To support the LEDs, I ripped up and planed a bunch of cheap but pretty clear 2"x 6”x 10’ red cedar boards from Home Depot with one 45-degree face, see photos. I kerfed the portions that needed to curve around corners and soaked them overnight in a hot water/detergent solution to make it easier to bend them to fit. I used ¾” plywood sweeps to support the cedar around the curves and nailed the wet wood to the plywood. Trial and error is good. If they snap, you need shallower kerfs or more soaking. But if they do crack in a spot or two you can glue them with a thin reinforcing wood scrap. I’ve painted the 45-degree face and the narrow strip that faces straight down with white high-gloss alkalyd enamel (water-clean-up, low odor) so that the double-stick tape for LED mounting will really stick even when they get hot. No tapes stick well to raw wood.

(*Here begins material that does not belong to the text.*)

(* Let $S$ be a nonempty finite set of graphs on $\Pi$ and $A$ the closed-above model generated by $S$. Then the uninterpreted complex of $A$ is $(n-2)$-connected.
   Context: $\Pi=\{p_1,\dots,p_n\}$. A graph is a directed graph on vertex set $\Pi$ containing all self-loops; $In_G(p)=\{q:(q,p)\in E(G)\}$. $\uparrow G=\{H: E(H)\supseteq E(G)\}$; the closed-above model generated by $S$ is the oblivious model whose set of allowed round graphs is $\bigcup_{G\in S}\uparrow G$. A (colored) simplex is a set $\sigma$ of pairs $(p,v)$ with $p\in\Pi$ such that each $p$ appears in at most one pair; a complex is a set of simplexes closed under taking subsets. The uninterpreted simplex of a graph $H$ is $\sigma_H=\{(p,In_H(p)):p\in\Pi\}$; the uninterpreted complex of an oblivious model with allowed graph set $\mathcal{S}$ is the complex whose facets are exactly the $\sigma_H$, $H\in\mathcal{S}$. A complex is $k$-connected if it is nonempty for $k\ge -1$ and every continuous map from the $m$-sphere into its geometric realization extends to the $(m+1)$-disk for all $0\le m\le k$; every complex is $k$-connected for $k\le -2$. *)

From mathcomp Require Import all_boot.
From Stdlib Require Import Reals ZArith.
Set Implicit Arguments. Unset Strict Implicit. Unset Printing Implicit Defensive.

I’ve done a variation of this before on other parts of the layout and have learned some tough lessons, e.g. DON’T get waterproof LED rolls with a clear plastic coating; they yellow badly over time. Also, the tape that comes on the back of the strips has often turned out to be insufficiently sticky when hot and they start to fall off: BAD. However, I now mount the LED strips over gray 3M VHB foam tape ordered by the roll from U-Line online; it never fails. I’m using 1” wide VHB tape on the bevel and ½” on the flat.

Once the LED’s are mounted and wired to the power supplies, I add 8” wide, ⅛” thick, Luan plywood valences, painted blue to match the sky on the backdrops. I’ll use 2-pin Molex crimp-pin plugs so that I can easily replace strips in the future if needed and #18 x 2 thermostat wire from the supplies to the strips. Photos attached. The pre-existing track lights will be redirected away from the backdrops to highlight things on the layout. They are uneven and create hot spots on the backdrop.

Anyway, a somewhat time-consuming project, but I got nothing but time.